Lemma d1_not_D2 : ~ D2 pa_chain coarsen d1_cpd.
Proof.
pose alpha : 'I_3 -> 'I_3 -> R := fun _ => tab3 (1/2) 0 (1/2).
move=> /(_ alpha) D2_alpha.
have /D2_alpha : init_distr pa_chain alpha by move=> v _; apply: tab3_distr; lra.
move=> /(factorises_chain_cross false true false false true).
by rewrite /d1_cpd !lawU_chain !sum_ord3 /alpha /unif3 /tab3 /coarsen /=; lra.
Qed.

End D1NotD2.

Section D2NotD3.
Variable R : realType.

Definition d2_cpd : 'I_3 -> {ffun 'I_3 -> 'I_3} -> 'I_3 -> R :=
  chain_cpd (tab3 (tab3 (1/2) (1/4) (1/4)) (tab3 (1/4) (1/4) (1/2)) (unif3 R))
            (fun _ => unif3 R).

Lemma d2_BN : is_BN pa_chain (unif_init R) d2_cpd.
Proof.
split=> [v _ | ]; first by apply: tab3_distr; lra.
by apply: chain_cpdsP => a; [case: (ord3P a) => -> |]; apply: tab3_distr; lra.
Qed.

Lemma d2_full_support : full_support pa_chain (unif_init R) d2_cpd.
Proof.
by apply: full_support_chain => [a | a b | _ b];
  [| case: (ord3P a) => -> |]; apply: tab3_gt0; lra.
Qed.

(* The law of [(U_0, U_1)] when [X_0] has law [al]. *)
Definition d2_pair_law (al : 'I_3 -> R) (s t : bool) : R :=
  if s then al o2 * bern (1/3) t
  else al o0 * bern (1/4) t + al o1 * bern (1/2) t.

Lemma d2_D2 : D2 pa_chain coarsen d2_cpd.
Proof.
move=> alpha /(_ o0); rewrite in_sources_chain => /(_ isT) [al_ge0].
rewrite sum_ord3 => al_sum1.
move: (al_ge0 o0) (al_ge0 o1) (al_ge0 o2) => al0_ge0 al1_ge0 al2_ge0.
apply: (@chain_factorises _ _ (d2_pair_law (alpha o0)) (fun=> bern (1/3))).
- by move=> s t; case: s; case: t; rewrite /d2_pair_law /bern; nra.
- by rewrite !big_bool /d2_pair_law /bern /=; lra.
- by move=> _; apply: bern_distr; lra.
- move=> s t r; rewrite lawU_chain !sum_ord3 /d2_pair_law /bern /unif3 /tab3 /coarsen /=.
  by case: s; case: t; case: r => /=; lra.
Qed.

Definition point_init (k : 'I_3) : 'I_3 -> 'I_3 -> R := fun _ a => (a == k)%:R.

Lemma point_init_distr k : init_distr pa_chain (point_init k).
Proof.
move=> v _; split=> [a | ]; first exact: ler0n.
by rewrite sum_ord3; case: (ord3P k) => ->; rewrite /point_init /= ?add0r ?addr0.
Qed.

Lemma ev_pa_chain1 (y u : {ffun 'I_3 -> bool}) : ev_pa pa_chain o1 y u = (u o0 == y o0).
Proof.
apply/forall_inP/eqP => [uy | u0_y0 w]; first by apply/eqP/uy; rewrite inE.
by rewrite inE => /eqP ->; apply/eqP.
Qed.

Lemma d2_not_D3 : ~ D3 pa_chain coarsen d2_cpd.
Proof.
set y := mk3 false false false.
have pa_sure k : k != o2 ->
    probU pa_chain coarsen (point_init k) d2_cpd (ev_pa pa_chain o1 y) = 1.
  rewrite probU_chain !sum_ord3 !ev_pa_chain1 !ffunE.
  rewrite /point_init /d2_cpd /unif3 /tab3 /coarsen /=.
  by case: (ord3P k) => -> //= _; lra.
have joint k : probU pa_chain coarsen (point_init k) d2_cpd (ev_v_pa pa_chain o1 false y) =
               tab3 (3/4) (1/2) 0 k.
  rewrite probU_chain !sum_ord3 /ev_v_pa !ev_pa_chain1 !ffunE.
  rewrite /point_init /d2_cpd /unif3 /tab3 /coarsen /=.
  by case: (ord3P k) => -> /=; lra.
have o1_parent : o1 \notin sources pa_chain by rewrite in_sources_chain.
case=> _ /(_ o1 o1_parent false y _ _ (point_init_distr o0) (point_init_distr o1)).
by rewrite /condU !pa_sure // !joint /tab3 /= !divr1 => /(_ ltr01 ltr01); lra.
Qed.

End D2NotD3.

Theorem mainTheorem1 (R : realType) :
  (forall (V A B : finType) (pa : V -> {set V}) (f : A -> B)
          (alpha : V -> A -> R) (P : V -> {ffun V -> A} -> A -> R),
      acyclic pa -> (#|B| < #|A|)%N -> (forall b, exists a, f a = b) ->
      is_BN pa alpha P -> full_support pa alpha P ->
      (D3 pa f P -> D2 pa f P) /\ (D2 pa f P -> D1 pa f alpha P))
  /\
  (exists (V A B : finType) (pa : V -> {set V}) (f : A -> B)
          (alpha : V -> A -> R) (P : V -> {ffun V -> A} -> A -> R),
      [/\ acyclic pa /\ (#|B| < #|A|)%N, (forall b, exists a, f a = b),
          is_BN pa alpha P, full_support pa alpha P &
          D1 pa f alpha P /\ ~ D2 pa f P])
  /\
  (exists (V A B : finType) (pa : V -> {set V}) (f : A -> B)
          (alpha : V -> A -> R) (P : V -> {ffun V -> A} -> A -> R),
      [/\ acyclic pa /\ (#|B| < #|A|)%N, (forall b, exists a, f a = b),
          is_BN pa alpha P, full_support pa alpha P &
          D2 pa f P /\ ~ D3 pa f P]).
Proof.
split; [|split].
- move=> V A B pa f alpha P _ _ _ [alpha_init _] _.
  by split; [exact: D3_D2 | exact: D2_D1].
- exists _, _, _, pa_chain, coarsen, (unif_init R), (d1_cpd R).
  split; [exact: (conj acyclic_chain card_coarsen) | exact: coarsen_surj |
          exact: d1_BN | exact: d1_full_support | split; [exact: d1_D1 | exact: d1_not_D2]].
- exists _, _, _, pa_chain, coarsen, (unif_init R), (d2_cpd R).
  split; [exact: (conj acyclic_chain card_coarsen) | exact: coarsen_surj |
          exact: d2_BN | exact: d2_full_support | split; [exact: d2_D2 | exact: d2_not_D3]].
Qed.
════════════════════
• [Work instructions]:
Copy out every line of the data that includes "case".

• [Task solution]:
by apply: chain_cpdsP => a; [case: (ord3P a) => -> |]; apply: tab3_distr; lra.
  [| case: (ord3P a) => -> |]; apply: tab3_gt0; lra.
- by move=> s t; case: s; case: t; rewrite /d2_pair_law /bern; nra.
  by case: s; case: t; case: r => /=; lra.
by rewrite sum_ord3; case: (ord3P k) => ->; rewrite /point_init /= ?add0r ?addr0.
  by case: (ord3P k) => -> //= _; lra.
  by case: (ord3P k) => -> /=; lra.
case=> _ /(_ o1 o1_parent false y _ _ (point_init_distr o0) (point_init_distr o1)).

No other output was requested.